Research project

“Molecular epidemiology and pathogenesis mechanisms of methicillin-resistant Staphylococcus aureus: colonization, infection and nosocomial transmission, Argentina”

S. aureus is one of the more relevant human pathogens, both at the hospital and the community settings, due to its virulence and its great capacity of acquiring resistance to antibiotics (ATB), even though its natural reservoir is the human host, specifically in the nostrils. Thereby, exposure to S. aureus may go from colonization all the way up to fatal infection and this progression may be influenced by specific factors of the strain, the host or the transmission in the environment. Methicillin-resistant strains (MRSA), which are also resistant to all beta-lactam antibiotics (except anti-MRSA antibiotics), have become a main cause of hospital-associated infections (HA-MRSA) since the 60’s and currently, in many countries including Argentina, infection rates are higher than 50% leading to serious complications of antimicrobial therapy. In our country, this high infection rate was associated to the dissemination of an epidemic HA-MRSA clone, the Cordobes/Chilean (ST5-SCCmec I), which was identified in our laboratory.

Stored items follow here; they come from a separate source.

Lemma porbs_between H T :
  H \subset T -> T \subset block_kernel H -> porbs T = porbs H.
Proof. by move=> sHT sTK; apply: eq_imset => x; apply: porb_between. Qed.

Lemma block_kernel_between H T :
  H \subset T -> T \subset block_kernel H -> block_kernel T = block_kernel H.
Proof. by move=> sHT sTK; rewrite /block_kernel (porbs_between sHT sTK). Qed.

End BlockKernel.

Lemma porbs_representatives (X : finType) (H : {group {perm X}}) m0 :
  #|porbs H| = m0 -> exists xs : 'I_m0 -> X, forall y, exists j, y \in porb H (xs j).
Proof.
move=> card_H.
have rep j : exists x, enum_val (cast_ord (esym card_H) j) = porb H x.
  by have /imsetP[x _ ->] := enum_valP (cast_ord (esym card_H) j); exists x.
have [xs xsE] := fin_all_exists rep; exists xs => y.
have Hy : porb H y \in porbs H by apply: imset_f; rewrite inE.
exists (cast_ord card_H (enum_rank_in Hy (porb H y))).
by rewrite -xsE cast_ordK enum_rankK_in // porb_refl.
Qed.

(* The K-orbits contained in the M-orbit of x. *)
Definition layer (X : finType) (K M : {set {perm X}}) (x : X) : {set {set X}} :=
  orbit ('P^*) M (porb K x).

Section OrbitSplitting.
Variables (X : finType) (K M : {group {perm X}}) (d : nat).
Hypotheses (sKM : K \subset M) (nKM : M \subset 'N(K))
  (card_K : forall y, #|porb K y| = d).

Lemma layer_partition x : partition (layer K M x) (porb M x).
Proof.
have act_M m y : m \in M -> ('P^*)%act (porb K y) m = porb K (m y).
  by move=> Mm; rewrite porb_act ?(subsetP nKM).
apply/and3P; split.
- apply/eqP/setP => y; apply/bigcupP/idP.
    case=> B /imsetP[m Mm ->]; rewrite act_M // => /imsetP[k Kk ->].
    by apply/imsetP; exists (m * k); rewrite ?permM // groupM // (subsetP sKM k Kk).
  case/imsetP => m Mm ->; exists (porb K (m x)); last exact: porb_refl.
  by apply/imsetP; exists m; rewrite ?act_M.
- have /and3P[_ tK _] := porbs_partition K; apply: trivIsetS tK.
  by apply/subsetP => B /imsetP[m Mm ->]; rewrite act_M //; apply: imset_f; rewrite inE.
- apply/negP => /imsetP[m Mm e].
  by have := porb_refl K (m x); rewrite -act_M // -e inE.
Qed.

Lemma card_porb_layer x : #|porb M x| = (#|layer K M x| * d)%N.
Proof.
rewrite (card_partition (layer_partition x)) -sum_nat_const.
by apply: eq_bigr => B /imsetP[m Mm ->]; rewrite porb_act ?(subsetP nKM).
Qed.

Lemma card_layer_dvd x : #|layer K M x| %| #|M : K|.
Proof.
rewrite card_orbit.
have sKS : K \subset 'C_M[porb K x | 'P^*].
  apply/subsetP => k Kk; rewrite inE (subsetP sKM) //=; apply/astab1P.
  by rewrite -pimageE porb_fix.
by rewrite -(Lagrange_index (subsetIl M _) sKS) dvdn_mulr.
Qed.

End OrbitSplitting.

(* Let K ⊆ M be normal subgroups of G, with K equal to its own block kernel
   and M/K abelian, such that each M-orbit is the union of q K-orbits (q prime).
   Each M-orbit contributes a map from the block kernel of M to the permutations
   of its q K-orbits, whose image embeds in the holomorph of Z/(q); together
   they embed (block kernel of M)/K into a power of the holomorph. *)
Section LayerEmbedding.
Variables (X : finType) (G K M : {group {perm X}}) (q : nat).
Hypotheses (nKG : K <| G) (kerK : block_kernel G K = K) (nMG : M <| G)
  (sKM : K \subset M) (derM : M^`(1) \subset K) (q_pr : prime q)
  (card_layer : forall x, #|layer K M x| = q).

Local Notation KM := (block_kernel G M).

Let sKMG : KM \subset G := block_kernel_sub G M.
Let sMG : M \subset G := normal_sub nMG.
Let sMKM : M \subset KM := sub_block_kernel sMG.
Let nKG' : G \subset 'N(K) := normal_norm nKG.

Lemma layer_act x g : g \in G -> ('P^*)%act (porb K x) g = porb K (g x).
Proof. by move=> Gg; rewrite porb_act ?(subsetP nKG'). Qed.

Definition layer_perm x g : {perm {set X}} :=
  restr_perm (layer K M x) (actperm ('P^*) g).

Lemma layer_perm_K x k : k \in K -> layer_perm x k = 1.
Proof.
move=> Kk; apply: mker; rewrite ker_restr_perm; apply/astabP => B /imsetP[m Mm ->].
rewrite [X in X = _]/= apermE actpermE layer_act ?(subsetP sMG) //.
by rewrite [RHS]layer_act ?(subsetP sMG) //; exact: porb_fix.
Qed.

Lemma layer_perm_norm x g :
  g \in KM -> actperm ('P^*) g \in 'N(layer K M x | 'P).
Proof.
move=> KMg; have Gg := subsetP sKMG g KMg; rewrite inE; apply/andP; split.
  by rewrite inE.
rewrite inE; apply/subsetP => B /imsetP[m Mm ->]; rewrite inE /= apermE actpermE.
rewrite !layer_act // ?(subsetP sMG m Mm) //.
have : g (m x) \in porb M x.
  by rewrite -(block_kernelP x KMg); apply: imset_f; apply/imsetP; exists m.
by case/imsetP => m' Mm' ->; apply/imsetP; exists m'; rewrite ?layer_act ?(subsetP sMG m' Mm').
Qed.

Lemma layer_permE x g B :
  g \in KM -> B \in layer K M x -> layer_perm x g B = pimage g B.
Proof. by move=> KMg LB; rewrite /layer_perm restr_permE ?layer_perm_norm // actpermE. Qed.

Lemma layer_permM x : {in KM &, {morph layer_perm x : g h / g * h}}.
Proof.
move=> g h KMg KMh; rewrite /layer_perm actpermM ?inE //.
by rewrite (morphM (restr_perm_morphism _)) ?layer_perm_norm.
Qed.

Canonical layer_morphism x := Morphism (layer_permM x).

(* The permutation group induced on one layer is a subgroup of the holomorph:
   M/K acts on it as an abelian transitive normal subgroup. *)
Lemma layer_image_holomorph x :
  exists psi : {morphism layer_morphism x @* KM >-> holomorph q}, 'injm psi.
Proof.
have [L isoL] : exists L : {group holomorph q}, layer_morphism x @* KM \isog L.
  apply: (@sub_holomorph _ q (layer K M x) _ (layer_morphism x @* M)%G (porb K x)).
  - exact: q_pr.
  - exact: card_layer.
  - by move=> w /morphimP[g _ KMg ->]; apply: restr_perm_on.
  - exact: morphimS.
  - by apply: morphim_norms; apply: subset_trans sKMG (normal_norm nMG).
  - apply/centsP => a /morphimP[u _ Mu ->] b /morphimP[v _ Mv ->].
    apply/commgP; rewrite -morphR ?(subsetP sMKM) //= layer_perm_K //.
    by rewrite (subsetP derM) // mem_commg.
  - apply/setP => B; apply/imsetP/imsetP => [[c /morphimP[m _ Mm ->] ->]|[m Mm ->]].
      by exists m; rewrite //= apermE (layer_permE (x := x)) ?(subsetP sMKM) // orbit_refl.
    exists (layer_perm x m); first by rewrite mem_morphim ?(subsetP sMKM).
    by rewrite /= apermE (layer_permE (x := x)) ?(subsetP sMKM) // orbit_refl.
by have [psi inj_psi _] := isogP isoL; exists psi.
Qed.

Lemma layer_perm1 x g y : g \in KM -> layer_perm x g = 1 ->
  y \in porb M x -> pimage g (porb K y) = porb K y.
Proof.
move=> KMg g1 /imsetP[m Mm ->]; have Gm := subsetP sMG m Mm.
have LB : porb K (m x) \in layer K M x by apply/imsetP; exists m; rewrite ?layer_act.
by rewrite -(layer_permE (x := x)) // g1 perm1.
Qed.

(* Collecting one layer per M-orbit embeds the block kernel of M, modulo K,
   into the m0-th power of the holomorph (m0 = number of M-orbits). *)
Lemma layer_embedding m0 : #|porbs M| = m0 ->
  exists F : {morphism KM >-> gpower (holomorph q) m0}, 'ker F = K.
Proof.
move=> card_M; have [xs cover] := porbs_representatives card_M.
have [psi inj_psi] := fin_all_exists (fun j => layer_image_holomorph (xs j)).
pose F g : gpower (holomorph q) m0 := [ffun j => psi j (layer_perm (xs j) g)].
have FM : {in KM &, {morph F : g h / g * h}}.
  move=> g h KMg KMh; apply/ffunP => j; rewrite mulg_ffun !ffunE.
  by rewrite -morphM ?mem_morphim //= layer_permM.
exists (Morphism FM); apply/setP => g; apply/idP/idP.
  case/morphpreP => KMg /set1P /= Fg1.
  rewrite -kerK block_kernelE inE (subsetP sKMG g KMg) /=; apply/forallP => y.
  have [j yj] := cover y; apply/eqP; apply: layer_perm1 yj => //.
  have := congr1 (fun u : gpower (holomorph q) m0 => u j) Fg1.
  rewrite ffunE oneg_ffun -(morph1 (psi j)) => /(injmP (inj_psi j)).
  by rewrite mem_morphim // group1 => /(_ isT isT).
move=> Kg; have KMg := subsetP sMKM g (subsetP sKM g Kg).
apply/morphpreP; split => //; apply/set1P; apply/ffunP => j.
by rewrite /= ffunE oneg_ffun layer_perm_K // morph1.
Qed.

End LayerEmbedding.

Lemma minimal_abelian_layer (gT : finGroupType) (G K : {group gT}) :
  solvable G -> K <| G -> K :!=: G ->
  exists q (M : {group gT}),
    [/\ prime q, M <| G, K \subset M, M^`(1) \subset K & q.-group (M / K)]
    /\ ~~ (M \subset K).
Proof.
move=> solG nKG neKG; have [sKG nKG'] := andP nKG.
have ntQ : G / K :!=: 1.
  by apply: contra neKG => /eqP Q1; rewrite eqEsubset sKG /= -(quotient_sub1 nKG') Q1.
have [Mb minMb sMbQ] := minnormal_exists ntQ (normG (G / K)).
have [nMbQ ntMb abMb] := minnormal_solvable minMb sMbQ (quotient_sol K solG).
have q_pr : prime (pdiv #|Mb|) by apply: pdiv_prime; rewrite cardG_gt1.
set M := (coset K @*^-1 Mb)%G.
have MK : M / K = Mb := cosetpreK Mb.
exists (pdiv #|Mb|), M; split; last first.
  by apply: contra ntMb => sMK; rewrite -MK -subG1 quotient_sub1 ?morphpre_sub.
split=> //.
- by rewrite -(quotientGK nKG) cosetpre_normal /normal sMbQ nMbQ.
- by rewrite -{1}(ker_coset K) ker_sub_pre.
- by apply: der1_min; rewrite ?MK ?(abelem_abelian abMb) ?morphpre_sub.
by rewrite MK (abelem_pgroup abMb).
Qed.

In the beginning of the 90s’, MRSA started to have a main role in community-associated infections (CA-MRSA), which in some cases can lead to severe illness in previously healthy patients, without prior exposure to the hospital setting. CA-MRSA strains differ from HA-MRSA strains in various aspects, such as lack of multi-resistance to antibiotics, the presence of certain toxin coding genes (especially Panton Valentin Leukocydin, PVL) and small SCCmec (IV and V). Currently, these CA-MRSA strains are also responsible for hospital infections. This has a great impact on public health, if we consider that the hospitalized population is particularly vulnerable and that these strains are highly virulent, exhibit a high attack rate, are highly transmissible and possess the genetic potential to acquire multi-resistance to antibiotics. In this manner, CA-MRSA strains have a high potential to cause increased morbidity and mortality rates, which in turn is associated to a significant increase in health-related costs.

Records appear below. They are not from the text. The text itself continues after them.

(* Let $\mathcal{A}$ be a non-unital normed algebra possessing an approximate identity, and let $\mathcal{I}_r(\mathcal{A})$ denote the set of all closed proper right ideals of $\mathcal{A}$. Then $$\mathrm{AppInv}_r(\mathcal{A})=\mathcal{A}\setminus\bigcup_{I\in\mathcal{I}_r(\mathcal{A})} I .$$
   Context: An approximate identity in a normed algebra $\mathcal{A}$ is a net $(e_j)_{j\in J}$ in $\mathcal{A}$ such that $\lim_{j} e_j y=\lim_j y e_j=y$ for every $y\in\mathcal{A}$. An element $x\in\mathcal{A}$ is approximately right invertible if there is a net $(r_j)_{j\in J}$ in $\mathcal{A}$ such that $(xr_j)_{j\in J}$ is an approximate identity in $\mathcal{A}$. $\mathrm{AppInv}_r(\mathcal{A})$ denotes the set of approximately right invertible elements of $\mathcal{A}$. *)

From HB Require Import structures.
From mathcomp Require Import all_boot all_order all_algebra.
From mathcomp Require Import all_classical all_reals all_analysis.
Set Implicit Arguments. Unset Strict Implicit. Unset Printing Implicit Defensive.
Import Order.TTheory GRing.Theory Num.Theory.
Import numFieldNormedType.Exports.
Local Open Scope classical_set_scope.
Local Open Scope ring_scope.

Definition normed_algebra (K : numFieldType) (V : normedModType K)
  (mul : V -> V -> V) : Prop :=
  [/\ (forall x y z, mul x (mul y z) = mul (mul x y) z),
      (forall (a : K) x y z, mul (a *: x + y) z = a *: mul x z + mul y z),
      (forall (a : K) x y z, mul z (a *: x + y) = a *: mul z x + mul z y) &
      (forall x y, `|mul x y| <= `|x| * `|y|)].

Definition directed (J : Type) (le : J -> J -> Prop) : Prop :=
  [/\ (forall i, le i i),
      (forall i j k, le i j -> le j k -> le i k),
      inhabited J &
      (forall i j, exists k, le i k /\ le j k)].

Definition net_lim (K : numFieldType) (V : normedModType K)
  (J : Type) (le : J -> J -> Prop) (u : J -> V) (l : V) : Prop :=
  forall eps : K, 0 < eps -> exists j0, forall j, le j0 j -> `|u j - l| < eps.

Definition approx_identity (K : numFieldType) (V : normedModType K)
  (mul : V -> V -> V) (J : Type) (le : J -> J -> Prop) (e : J -> V) : Prop :=
  forall y, net_lim le (fun j => mul (e j) y) y /\
            net_lim le (fun j => mul y (e j)) y.

Definition has_approx_identity (K : numFieldType) (V : normedModType K)
  (mul : V -> V -> V) : Prop :=
  exists (J : Type) (le : J -> J -> Prop) (e : J -> V),
    directed le /\ approx_identity mul le e.

Definition AppInv_r (K : numFieldType) (V : normedModType K)
  (mul : V -> V -> V) : set V :=
  [set x | exists (J : Type) (le : J -> J -> Prop) (r : J -> V),
      directed le /\ approx_identity mul le (fun j => mul x (r j))].

Definition right_ideal (K : numFieldType) (V : normedModType K)
  (mul : V -> V -> V) (I : set V) : Prop :=
  [/\ I 0,
      (forall x y, I x -> I y -> I (x + y)),
      (forall (a : K) x, I x -> I (a *: x)) &
      (forall x a, I x -> I (mul x a))].

Definition closed_proper_right_ideals (K : numFieldType) (V : normedModType K)
  (mul : V -> V -> V) : set (set V) :=
  [set I | right_ideal mul I /\ closed I /\ I != setT].

From HB Require Import structures.
From mathcomp Require Import all_boot all_order all_algebra.
From mathcomp Require Import all_classical all_reals all_analysis.
Set Implicit Arguments. Unset Strict Implicit. Unset Printing Implicit Defensive.
Import Order.TTheory GRing.Theory Num.Theory.
Import numFieldNormedType.Exports.
Local Open Scope classical_set_scope.
Local Open Scope ring_scope.

(* For x in the algebra A write [approx_ideal x] for the
   norm closure of the set xA = { x a | a in A }.
   - If x is approximately right invertible and I is a closed right ideal
     containing x, then every y is a limit of elements (x r_j) y of I, so
     I is the whole algebra: x lies in no closed proper right ideal.
   - Conversely, [approx_ideal x] is always a closed right ideal, and it
     contains x as soon as the algebra has an approximate identity (e_j):
     x = lim x e_j.  So if x lies in no closed proper right ideal,
     [approx_ideal x] is everything; in particular each e_j is approximated
     within any d > 0 by some x r.  Indexing these r by pairs (j, d), ordered
     by "j grows and d shrinks", turns (x r_(j,d)) into a perturbation of the
     approximate identity (e_j) whose error tends to 0, hence again an
     approximate identity. *)

Lemma closed_normP (K : numFieldType) (V : normedModType K) (I : set V) :
  closed I <->
  (forall y, (forall eps : K, 0 < eps -> exists z, I z /\ `|y - z| < eps) ->
   I y).
Proof.
split=> [cI y approx_y | approxI y cly].
- apply: cI => B /nbhs_ex [d ballB].
  have [z [Iz yz]] := approx_y d%:num (gt0 d).
  by exists z; split => //; apply: ballB; rewrite -ball_normE.
- apply: approxI => eps eps_gt0.
  have [z [Iz yz]] := cly _ (nbhsx_ballx y eps eps_gt0).
  by exists z; split => //; move: yz; rewrite -ball_normE.
Qed.

Lemma lt_mul_small (K : numFieldType) (a u eps : K) :
  0 < eps -> 0 <= a -> u <= eps / (a + 1) -> u * a < eps.
Proof.
move=> eps_gt0 a_ge0 u_small.
have a1_gt0 : 0 < a + 1 by rewrite ltr_wpDl.
apply: (@le_lt_trans _ _ (eps / (a + 1) * a)); first by rewrite ler_wpM2r.
rewrite -[X in _ < X](divfK (lt0r_neq0 a1_gt0)) ltr_pM2l ?ltrDl //.
by rewrite divr_gt0.
Qed.

Lemma small_bound_gt0 (K : numFieldType) (eps a : K) :
  0 < eps -> 0 <= a -> 0 < eps / (a + 1).
Proof. by move=> eps_gt0 a_ge0; rewrite divr_gt0 // ltr_wpDl. Qed.

Lemma norm_split_lt (K : numFieldType) (V : normedModType K) (u v : V)
    (eps : K) :
  `|u| < eps / 2 -> `|v| < eps / 2 -> `|u + v| < eps.
Proof.
move=> u_small v_small; apply: le_lt_trans (ler_normD _ _) _.
by rewrite [eps]splitr; apply: ltrD.
Qed.

Definition refine_le (K : numFieldType) (J : Type) (le : J -> J -> Prop)
    (p q : J * {posnum K}) : Prop :=
  le p.1 q.1 /\ q.2%:num <= p.2%:num.

Lemma directed_refine (K : numFieldType) (J : Type) (le : J -> J -> Prop) :
  directed le -> directed (@refine_le K J le).
Proof.
case=> le_refl le_trans [j] le_ub; split.
- by move=> p; split; [apply: le_refl | exact: lexx].
- move=> p q s [pq1 pq2] [qs1 qs2]; split; first exact: le_trans pq1 qs1.
  exact: Order.POrderTheory.le_trans qs2 pq2.
- exact: inhabits (j, 1%:pos).
- move=> [i1 d1] [i2 d2]; have [k [ik1 ik2]] := le_ub i1 i2.
  exists (k, (Num.min d1%:num d2%:num)%:pos).
  by split; split => //=; rewrite num_ge_min lexx ?orbT.
Qed.

Lemma net_lim_refine (K : numFieldType) (V : normedModType K) (J : Type)
    (le : J -> J -> Prop) (f : J -> V) (g : J * {posnum K} -> V) (c : K)
    (l : V) :
  0 <= c -> net_lim le f l ->
  (forall p, `|g p - f p.1| <= c * p.2%:num) ->
  net_lim (@refine_le K J le) g l.
Proof.
move=> c_ge0 f_lim g_near eps eps_gt0.
have eps2_gt0 : 0 < eps / 2 by rewrite divr_gt0.
have [j0 f_close] := f_lim _ eps2_gt0.
exists (j0, PosNum (small_bound_gt0 eps2_gt0 c_ge0)) => -[j d] [/= j0j dd].
have -> : g (j, d) - l = (g (j, d) - f j) + (f j - l) by rewrite addrA subrK.
apply: norm_split_lt (f_close _ j0j).
apply: le_lt_trans (g_near (j, d)) _; rewrite mulrC.
exact: lt_mul_small eps2_gt0 c_ge0 dd.
Qed.

Section NormedAlgebra.
Variables (K : numFieldType) (V : normedModType K) (mul : V -> V -> V).
Hypothesis hA : normed_algebra mul.

Lemma amulDr x y z : mul z (x + y) = mul z x + mul z y.
Proof. by case: hA => _ _ radd _; have := radd 1 x y z; rewrite !scale1r. Qed.

Lemma amul0r z : mul z 0 = 0.
Proof. by apply: (addrI (mul z 0)); rewrite addr0 -amulDr addr0. Qed.

Lemma amulZr (a : K) x z : mul z (a *: x) = a *: mul z x.
Proof.
by rewrite -[a *: x]addr0; case: hA => _ _ -> _; rewrite amul0r addr0.
Qed.

Lemma amulBl x y z : mul (x - y) z = mul x z - mul y z.
Proof.
case: hA => _ ladd _ _; have := ladd (-1) y x z.
by rewrite !scaleN1r addrC => ->; rewrite addrC.
Qed.

Lemma amulBr x y z : mul z (x - y) = mul z x - mul z y.
Proof. by rewrite amulDr -scaleN1r amulZr scaleN1r. Qed.

Lemma norm_amul_le x y : `|mul x y| <= `|x| * `|y|.
Proof. by case: hA. Qed.

Definition approx_ideal (x : V) : set V :=
  [set y | forall eps : K, 0 < eps -> exists a, `|y - mul x a| < eps].

Lemma approx_ideal_right_ideal x : right_ideal mul (approx_ideal x).
Proof.
split.
- by move=> eps eps_gt0; exists 0; rewrite amul0r subrr normr0.
- move=> y1 y2 y1_approx y2_approx eps eps_gt0.
  have eps2_gt0 : 0 < eps / 2 by rewrite divr_gt0.
  have [a1 close1] := y1_approx _ eps2_gt0.
  have [a2 close2] := y2_approx _ eps2_gt0.
  exists (a1 + a2); rewrite amulDr opprD addrACA.
  exact: norm_split_lt.
- move=> c y y_approx eps eps_gt0.
  have [a close] := y_approx _ (small_bound_gt0 eps_gt0 (normr_ge0 c)).
  exists (c *: a); rewrite amulZr -scalerBr normrZ mulrC.
  exact: lt_mul_small eps_gt0 (normr_ge0 c) (ltW close).
- move=> y b y_approx eps eps_gt0.
  have [a close] := y_approx _ (small_bound_gt0 eps_gt0 (normr_ge0 b)).
  exists (mul a b); case: hA => massoc _ _ _; rewrite massoc -amulBl.
  apply: le_lt_trans (norm_amul_le _ _) _.
  exact: lt_mul_small eps_gt0 (normr_ge0 b) (ltW close).
Qed.

Lemma approx_ideal_closed x : closed (approx_ideal x).
Proof.
apply/closed_normP => y y_approx eps eps_gt0.
have eps2_gt0 : 0 < eps / 2 by rewrite divr_gt0.
have [z [z_approx yz]] := y_approx _ eps2_gt0.
have [a za] := z_approx _ eps2_gt0.
exists a; rewrite -[y](subrK z) -addrA.
exact: norm_split_lt.
Qed.

(* With an approximate identity, x = lim x e_j lies in the closure of x A. *)
Lemma approx_ideal_self J (le : J -> J -> Prop) (e : J -> V) x :
  directed le -> approx_identity mul le e -> approx_ideal x x.
Proof.
case=> le_refl _ _ _ ai eps eps_gt0.
have [j0 close] := (ai x).2 eps eps_gt0.
by exists (e j0); rewrite distrC; apply: close; apply: le_refl.
Qed.

(* An approximately right invertible element lies in no closed proper right
   ideal: a closed right ideal containing it contains every y = lim x r_j y. *)
Lemma appinv_ideal_full x I :
  AppInv_r mul x -> right_ideal mul I -> closed I -> I x -> I = setT.
Proof.
move=> [J [le [r [[le_refl _ _ _] ai]]]] [_ _ _ I_mul] /closed_normP cI Ix.
apply/seteqP; split => // y _; apply: cI => eps eps_gt0.
have [j0 close] := (ai y).1 eps eps_gt0.
exists (mul (mul x (r j0)) y); split; first by apply: (I_mul); apply: (I_mul).
by rewrite distrC; apply: close; apply: le_refl.
Qed.

(* If every element is approximated by x A, then approximate right inverses
   of x are obtained by approximating the terms of an approximate identity
   to finer and finer tolerance. *)
Lemma approx_ideal_full_appinv J (le : J -> J -> Prop) (e : J -> V) x :
  directed le -> approx_identity mul le e -> approx_ideal x = setT ->
  AppInv_r mul x.
Proof.
move=> dir ai full.
have /choice [r r_close] : forall p : J * {posnum K},
    exists a, `|e p.1 - mul x a| < p.2%:num.
  move=> p; have e_approx : approx_ideal x (e p.1) by rewrite full.
  exact: e_approx _ (gt0 p.2).
have err_le p : `|mul x (r p) - e p.1| <= p.2%:num.
  by rewrite distrC; apply: ltW.
exists (J * {posnum K})%type, (@refine_le K J le), r.
split; first exact: directed_refine.
move=> y; split.
- apply: (net_lim_refine (c := `|y|)) (ai y).1 _ => // p.
  rewrite -amulBl mulrC; apply: le_trans (norm_amul_le _ _) _.
  exact: ler_wpM2r (normr_ge0 y) _ _ (err_le p).
- apply: (net_lim_refine (c := `|y|)) (ai y).2 _ => // p.
  rewrite -amulBr; apply: le_trans (norm_amul_le _ _) _.
  exact: ler_wpM2l (normr_ge0 y) _ _ (err_le p).
Qed.

End NormedAlgebra.

Theorem theorem2p10 (K : numFieldType) (V : normedModType K)
  (mul : V -> V -> V) (hA : normed_algebra mul)
  (happ : has_approx_identity mul) :
  AppInv_r mul = setT `\` \bigcup_(I in closed_proper_right_ideals mul) I.
Proof.
apply/seteqP; split.
  move=> x x_appinv; split => //; case=> I [idealI [cI /eqP proper]] Ix.
  exact: proper (appinv_ideal_full x_appinv idealI cI Ix).
move=> x [_ not_in_ideal]; have [J [le [e [dir ai]]]] := happ.
apply: (approx_ideal_full_appinv hA dir ai).
apply: contra_notP not_in_ideal => /eqP proper.
exists (approx_ideal mul x); last exact: approx_ideal_self dir ai.
split; first exact: approx_ideal_right_ideal.
by split; first exact: approx_ideal_closed.
Qed.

Through molecular surveys of S. aureus infections, we have identified epidemic MRSA clones disseminated both in the hospital setting (epidemic clone HA-MRSA Cordobes/Chilean, ST5-SCCmec I) as well as in the community setting (CA-MRSA PVL+, ST5-IV). This study was carried out first in Cordoba and then in the rest of the country in collaboration with the Instituto Carlos G. Malbran-INEI. In the current stage of this project, we aim to determine the molecular evolution of MRSA infections in our country as well as the effect of CA-MRSA strains compared with HA-MRSA and MSSA in colonization and hospital transmission. This way, we will evaluate colonization as a possible reservoir of this epidemic, analyzing the effect of CA-MRSA strains dissemination in the community as well as their transmission into the hospital setting. Our aim is to contribute to control MRSA dissemination both at the hospital and community settings, leading to decreased MRSA incidence infection rates, an improvement in our health standards and finally a reduction in hospital costs. Additionally, the characterization of the pathogenic features of local MRSA clones at the molecular level will be a valuable tool to design successful therapeutic strategies.